How We Built a Better Ambulance

The Children’s Hospital of Philadelphia designed for safety from the ground up

We knew it would be a challenge to design new specialty-care transport ambulances that were both efficient for medical teams and safe for patients and crews. Engaging in a free flow of ideas with vendors and stakeholders while working to remain fiscally responsible complicated the effort further. But we were able to do all this and more to achieve our operational goals for The Children’s Hospital of Philadelphia’s Emergency Transport Team.

In developing the vehicles, we blended the latest technology with a safety package that provides all occupants with a safe operating environment both internally and externally. The design team and ambulance manufacturer, American Emergency Vehicles (AEV), worked together to create three new specialty-care transport units for the hospital (known as CHOP) and American Medical Response. Over the past five years, CHOP and AMR have shared a unique partnership providing advanced critical care to a diverse neonatal and pediatric population. Three ambulances are equipped to provide care to patients from neonates through adults, and they meet EMS licensure requirements for Pennsylvania and New Jersey.

Getting Started

We reviewed crash data testing from Objective Safety and concluded many ambulance crashes cause catastrophic injuries and deaths due to design flaws within the patient compartment. Research shows that approximately 22 people die annually in ambulance crashes. Objective Safety provided video crash-testing using dummies in scenarios common to the transport and 9-1-1 environments. AEV also has done crash-testing of its design and demonstrated maintenance of box integrity through multiple 40-mph T-bone-type impacts. AEV defined safety zones that required attention and made design recommendations to minimize occupant injury potential. We took that information and worked closely with AMR and AEV to design the vehicles.

The CHOP Emergency Transport Team (ETT) transports approximately 3,000 patients every year by ambulance, helicopter and fixed wing. The team averages 2,500 ground transports annually. Its ambulances average approximately 7,500 miles a month. Important among our needs was a dependable chassis that could withstand the rigors of constant urban/suburban use. AMR’s fleet management team suggested CHOP consider the Ford E-450 Super Duty chassis with the V-10 Triton gas engine. Several of AMR’s operational hubs in the Midwest use them with great success. We decided to mount them on the Ford gas chassis based on out-of-service data and AMR’s recommendations.

The Patient Care Area

The next challenge was to design a patient care area that was both safe and efficient, blending ergonomics with functionality. One big concern was rider comfort. A normal CHOP ground transport can range between 2–5 hours depending on the destination and traffic. We knew having a comfortable ride would reduce stress and fatigue on providers, allowing them to maintain focus during patient care. CHOP, AEV and EVS (Emergency Vehicle Seating) Ltd. held a conference call to discuss our concerns.
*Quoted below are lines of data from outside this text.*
(* For $n\ge1$ let $X_n=(-1/n,1/n)\subseteq\mathbb R$ and let $X$ be the pro-set given by the inverse system $(X_n)_{n\ge1}$ with inclusion maps. Then $X$ carries the structure of an abelian group object in $\operatorname{Pro}(\mathbf{Set})$ with neutral element given by $0\in X_n$, inverse given levelwise by $x\mapsto-x$ on $X_n$, and addition $X\times X\to X$ given at index $n$ by $X_{2n}\times X_{2n}\to X_n$, $(x,y)\mapsto x+y$. This group object is nontrivial, but every homomorphism of group objects $G\to X$ in $\operatorname{Pro}(\mathbf{Set})$ from (the image of) a pro-group $G$ is trivial. In particular, $X$ is not isomorphic to the image of any pro-group, so the canonical functor $\operatorname{Pro}(\mathbf{Grp})\to\mathrm{Grp}(\operatorname{Pro}(\mathbf{Set}))$ is not an equivalence.
   Context: For a category $\mathcal C$, $\operatorname{Pro}(\mathcal C)$ is its pro-completion: objects are inverse systems, i.e. functors $X\colon \mathcal I_X^{op}\to\mathcal C$ with $\mathcal I_X$ a small filtered category, and $\operatorname{Hom}_{\operatorname{Pro}(\mathcal C)}(X,Y)=\varprojlim_{j\in\mathcal I_Y}\varinjlim_{i\in\mathcal I_X}\mathcal C(X_i,Y_j)$. $\mathrm{Grp}(\mathcal D)$ is the category of group objects in a category $\mathcal D$ with finite products; the canonical functor $\operatorname{Pro}(\mathbf{Grp})\to\mathrm{Grp}(\operatorname{Pro}(\mathbf{Set}))$ uses levelwise operations. *)

From Stdlib Require Import Reals Lra Lia Arith ClassicalEpsilon ProofIrrelevance.
Open Scope R_scope.

Record Cat := {
  ob :> Type;
  hom : ob -> ob -> Type;
  idc : forall a, hom a a;
  comp : forall x y z, hom y z -> hom x y -> hom x z;
  comp_id_l : forall a b (f : hom a b), comp a b b (idc b) f = f;
  comp_id_r : forall a b (f : hom a b), comp a a b f (idc a) = f;
  comp_assoc : forall a b c d (h : hom c d) (g : hom b c) (f : hom a b),
      comp a c d h (comp a b c g f) = comp a b d (comp b c d h g) f }.
Arguments hom {_} _ _.
Arguments idc {_} _.
Arguments comp {_ _ _ _} _ _.
Lemma isolator_br y v : isolator v -> br y v = alpha y *: v.
Proof.
case=> n [c vE]; apply: (cancel_scalar (padic_expp_neq0 p_prime n)).
rewrite -(brZr br_Lie) vE (brZr br_Lie) betaE -/(alpha y) scalerA mulrC -scalerA.
by rewrite vE !scalerA mulrC.
Qed.

Lemma ideal_isolator : ideal br isolator.
Proof.
split; first split.
- by exists 0%N, 0; rewrite scaler0 scale0r.
- move=> x y [n [c xE]] [m [d yE]].
  exists (n + m)%N, (p%:R ^+ m * c + p%:R ^+ n * d).
  by rewrite exprD scalerDr {1}mulrC -!scalerA xE yE !scalerA scalerDl.
- by move=> a x; apply: isolatorZ.
by move=> x y Ix; rewrite (br_anticomm br_Lie) isolator_br // -scaleNr; apply: isolatorZ.
Qed.

Lemma centre_of_commuting x v :
  alpha x = 0 -> br x v = 0 -> alpha v != 0 -> centre br x.
Proof.
move=> ax0 xv0 av_neq0 y; have := br_jacobi br_Lie x y v.
rewrite (betaE y v) (brZr br_Lie) betaE -/(alpha x) ax0 scale0r scaler0 add0r.
rewrite (br_anticomm br_Lie x v) xv0 oppr0 (br0r br_Lie) add0r.
rewrite (betaE x y) (brZr br_Lie) betaE -/(alpha v) scalerA => J.
have /eqP : beta x y * alpha v = 0 by apply: (cancel_vector w_neq0); rewrite J scale0r.
by rewrite padic_mulf_eq0 // (negbTE av_neq0) orbF => /eqP ->; rewrite scale0r.
Qed.
Lemma Gcycle_traject C x : Gcycle C -> x \in C ->
  exists i, rot i C = traject succ x (size C) /\ iter (size C) succ x = x.
Proof.
move=> cycC xC; case: (rot_to xC) => i c rotC; exists i.
have [_ _] : Gcycle (rot i C) by apply/Gcycle_rot.
rewrite rotC /= rcons_path => /andP [pc lc].
have fpc : fpath succ x c.
  by apply: sub_path pc => a b /GedgeP [_ _ ->] /=.
have size_C : size C = (size c).+1 by rewrite -(size_rot i) rotC.
rewrite size_C /=; split; first by rewrite {1}(fpathE fpc).
have <- : last x c = iter (size c) succ x by rewrite {1}(fpathE fpc) last_traject.
by case/GedgeP: lc.
Qed.

Lemma Gcycle_same_cycle C D x : Gcycle C -> Gcycle D -> x \in C -> x \in D ->
  same_cycle C D.
Proof.
move=> cycC cycD xC xD.
case: (Gcycle_traject cycC xC) => i [rotC iterC].
case: (Gcycle_traject cycD xD) => j [rotD iterD].
have uC : uniq (traject succ x (size C)) by rewrite -rotC rot_uniq; case: cycC.
have uD : uniq (traject succ x (size D)) by rewrite -rotD rot_uniq; case: cycD.
have size_CD : size C = size D.
  apply/eqP; rewrite eqn_leq.
  rewrite (traject_uniq_leq_period (Gcycle_size_gt0 cycD) iterD uC).
  by rewrite (traject_uniq_leq_period (Gcycle_size_gt0 cycC) iterC uD).
exists (rot_add C i (size (rot j D) - j)).
by rewrite -rot_rot_add rotC size_CD -rotD; exact: (esym (rotK j D)).
Qed.

Lemma cshiftD C a b : cshift k a (cshift k b C) = cshift k (b + a) C.
Proof. by rewrite /cshift -map_comp; apply: eq_map => x /=; rewrite modzDml addrA. Qed.

Lemma cshift_rot C t r : cshift k t (rot r C) = rot r (cshift k t C).
Proof. exact: map_rot. Qed.

Lemma cshift0_Gcycle C : Gcycle C -> cshift k 0 C = C.
Proof.
move=> cycC; rewrite /cshift -[RHS]map_id; apply/eq_in_map => x xC /=.
have x_vertex := Gcycle_vertex cycC xC.
by rewrite addr0 modz_small //; lia.
Qed.

Lemma Gcycle_shift_down C : Gcycle C ->
    (forall x, x \in C -> x != 0 /\ eidx x != 0) ->
  Gcycle (cshift k (-1) C).
Proof.
move=> cycC avoid; have [C_nil uC cC] := cycC; split.
- by rewrite -size_eq0 size_map size_eq0.
- rewrite map_inj_in_uniq // => x y xC yC /= exy.
  have x_vertex := Gcycle_vertex cycC xC; have y_vertex := Gcycle_vertex cycC yC.
  suff : x + -1 = y + -1 by lia.
  by apply: (@eq_modz_near _ _ k.+1%:Z) => //; lia.
- rewrite cycle_map; apply: (sub_in_cycle (P := mem C)) cC; last exact/allP.
  move=> x _ xC _ /GedgeP [x_vertex x_out ->] /=.
  have [x_neq0 x_idx0] := avoid x xC.
  have [_ _ /avoid[sx_neq0 _] _] := Gcycle_mem cycC xC.
  have ex := eidx_ge0_le x; have sx := succ_ge0_lt x.
  apply/GedgeP; rewrite -/(vmod (x - 1)) -/(vmod (succ x - 1)); split.
  + exact: vmod_ge0_le.
  + exact: eidx_pred_lt.
  + by rewrite succ_pred // modz_small ?vmod_id //; lia.
Qed.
This helped EVS engineers understand our unique needs, which allowed them to design and build one-of-a-kind custom seating for the transport team. The seats (see Figure 1) provide the rider with comfort for long trips as well as a crashworthy design.

The finished product is constructed with an integrated five-point restraint harness in high-visibility yellow. The harnesses have pretensioners built in that allow the occupant to move freely in the seat but lock when stressed by G-forces. The seats adjust forward and aft and are on a swivel base that locks in various attitudes to allow the crew to get close to the patient and remain seated while the vehicle is in motion.

The Interior

We planned the interior crew area to maintain function and diminish the potential for injury.

Head strikes and projectiles are two of the major causes of injuries to crew members in the patient care area. By padding and protecting corners, we reduced the risks associated with head strikes during a crash.